Обязательный акт переделывался до 20 раз и наконец 27 декабря был скреплен ханскою печатью в том самом виде, в котором был предложен агентом с самого начала переговоров.
В тот же день, вечером, произошел обмен дипломатических документов в присутствии всех членов ханского совета. 30 декабря произошла прощальная аудиенция, а 31-го миссия выступила из Хивы через Кунград и Ак-Булак, чтобы видеть северные части ханства. Миссию сопровождал хивинский посланец Мин-Баши-Мухамед-Эмин, которому была устроена в Оренбурге торжественная встреча с войсками, как важному сановнику… Затем он был отправлен в Петербург, представлен ко Двору в Царском Селе и, по обыкновению, щедро награжден разными подарками.

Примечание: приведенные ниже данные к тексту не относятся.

(* Let $A\in M_m(R)$ be non-singular with $m\in\{2,3\}$, and write $f_A(x)=\sum_{k=0}^m a_kx^k$, $f_{A^\nabla}(x)=\sum_{k=0}^m b_kx^k$. Then $\det(A)f_{A^\nabla}(x)\models_{gs}x^mf_A(x^{-1})$, i.e. $\det(A)b_k\models_{gs}a_{m-k}$ for all $k$, and when $m=2$ equality $\det(A)f_{A^\nabla}(x)=x^2f_A(x^{-1})$ holds.
   Context: Supertropical semiring $R=T\cup G\cup\{-\infty\}$: $T=\mathcal G$ an ordered abelian group (tangible), $G=\{a^\nu\}$ a copy (ghost); $a+b$ is the element of larger $\nu$-value if the $\nu$-values differ and $a^\nu$ if equal; multiplication adds $\nu$-values, is ghost if a factor is ghost, $-\infty$ absorbing; $0_R=-\infty$, $1_R=0$. Ghost surpassing: $a\models_{gs}b$ iff $a=b$, or $a\in G$ with $\nu$-value of $a$ $\geq$ that of $b$; for polynomials it is coefficientwise. $\det(A)=\sum_{\sigma}\prod_i a_{i,\sigma(i)}$; non-singular iff $\det(A)\in T$; $\operatorname{adj}(A)_{i,j}=\det(A_{j,i})$; $A^\nabla=\det(A)^{-1}\operatorname{adj}(A)$. $f_M(x)=\det(xI+M)$ has $x^k$-coefficient the sum of determinants of all $(m-k)\times(m-k)$ principal submatrices of $M$; $x^mf_A(x^{-1})$ denotes $\sum_{k=0}^m a_{m-k}x^k$. *)

From HB Require Import structures.
From mathcomp Require Import all_boot all_order all_algebra all_fingroup.
Set Implicit Arguments. Unset Strict Implicit. Unset Printing Implicit Defensive.
Import GRing.Theory.
Local Open Scope ring_scope.

Definition ordered_group (G : zmodType) (le : rel G) : Prop :=
  [/\ (forall a, le a a),
      (forall a b, le a b -> le b a -> a = b),
      (forall a b c, le a b -> le b c -> le a c),
      (forall a b, le a b || le b a)
    & (forall a b c, le a b -> le (a + c) (b + c))].

(* Supertropical semiring R = T ∪ G ∪ {-oo}: Tan a (tangible), Gh a = a^nu (ghost). *)
Inductive stropical (G : Type) : Type :=
  | NegInf : stropical G
  | Tan : G -> stropical G
  | Gh : G -> stropical G.
Arguments NegInf {G}.

Section Supertropical.
Variables (G : zmodType) (le : rel G).

(* nu-value of a non-(-oo) element *)
Definition stval (x : stropical G) : G :=
  match x with NegInf => 0 | Tan a => a | Gh a => a end.

Definition stadd (x y : stropical G) : stropical G :=
  match x, y with
  | NegInf, _ => y
  | _, NegInf => x
  | _, _ => let a := stval x in let b := stval y in
            if a == b then Gh a else if le a b then y else x
  end.

Definition stmul (x y : stropical G) : stropical G :=
  match x, y with
  | NegInf, _ => NegInf
  | _, NegInf => NegInf
  | Tan a, Tan b => Tan (a + b)
  | _, _ => Gh (stval x + stval y)
  end.

Definition stone : stropical G := Tan 0.

(* inverse of a tangible element (used only for tangible det) *)
Definition stinv (x : stropical G) : stropical G :=
  match x with NegInf => NegInf | Tan a => Tan (- a) | Gh a => Gh (- a) end.

Definition tangible (x : stropical G) : bool :=
  if x is Tan _ then true else false.

Definition gs (x y : stropical G) : Prop :=
  x = y \/ exists g, x = Gh g /\
    match y with NegInf => True | Tan h => le h g | Gh h => le h g end.

Definition stdet (n : nat) (A : 'M[stropical G]_n) : stropical G :=
  \big[stadd/NegInf]_(s : 'S_n) \big[stmul/stone]_(i < n) A i (s i).

Definition stadj (n : nat) (A : 'M[stropical G]_n) : 'M[stropical G]_n :=
  \matrix_(i, j) stdet (row' j (col' i A)).

Definition stnabla (n : nat) (A : 'M[stropical G]_n) : 'M[stropical G]_n :=
  \matrix_(i, j) stmul (stinv (stdet A)) (stadj A i j).

Definition principal_sub (n : nat) (M : 'M[stropical G]_n) (S : {set 'I_n})
  : 'M[stropical G]_#|S| :=
  \matrix_(i, j) M (enum_val i) (enum_val j).

(* x^k-coefficient of f_M(x) = det(xI + M): the sum of the determinants of
   all (n-k)x(n-k) principal submatrices of M *)
Definition charcoef (n : nat) (M : 'M[stropical G]_n) (k : nat) : stropical G :=
  \big[stadd/NegInf]_(S : {set 'I_n} | #|S| == (n - k)%N) stdet (principal_sub M S).

End Supertropical.

From HB Require Import structures.
From mathcomp Require Import all_boot all_order all_algebra all_fingroup.
From mathcomp Require Import zify.
From Stdlib Require Import Ring.
Set Implicit Arguments. Unset Strict Implicit. Unset Printing Implicit Defensive.
Import GRing.Theory.
Local Open Scope ring_scope.

(* Since A^nabla = det(A)^{-1} adj(A) and scaling a matrix by w scales the
   x^k-coefficient of its characteristic polynomial by w^(m-k), the theorem
   reduces (for any size m) to the adjugate identities
       c_k(adj A) |=gs det(A)^(m-k-1) c_{m-k}(A)     (k < m),
   the case k = m being det(A) * 1 = c_0(A).  These identities are then
   verified for m = 2 (exactly) and m = 3 (up to doubled terms) by expanding
   determinants and principal minors explicitly and comparing polynomials. *)

Section Supertropical.
Variables (G : zmodType) (le : rel G) (HG : ordered_group le).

Из-за этих-то подарков хивинские министры и тянут всякие переговоры. Без всякой надобности, без всякой пользы для дела, они готовы ездить по очереди, однако, в Петербург, хоть каждый год. А толку из договоров наших с ними никогда никакого не было!
Обязательный акт, основанный на весьма скромных требованиях со стороны России, ограничивался только следующими обещаниями хивинского хана:
1) Не предпринимать впредь никаких явных, ни тайных враждебных действий против России.
2) Не потворствовать грабежам и разбоям ни в степи, ни на Каспийском море.
3) Не держать в неволе русских пленных и охранять как личность, так и имущество всякого русского подданного в хивинских пределах.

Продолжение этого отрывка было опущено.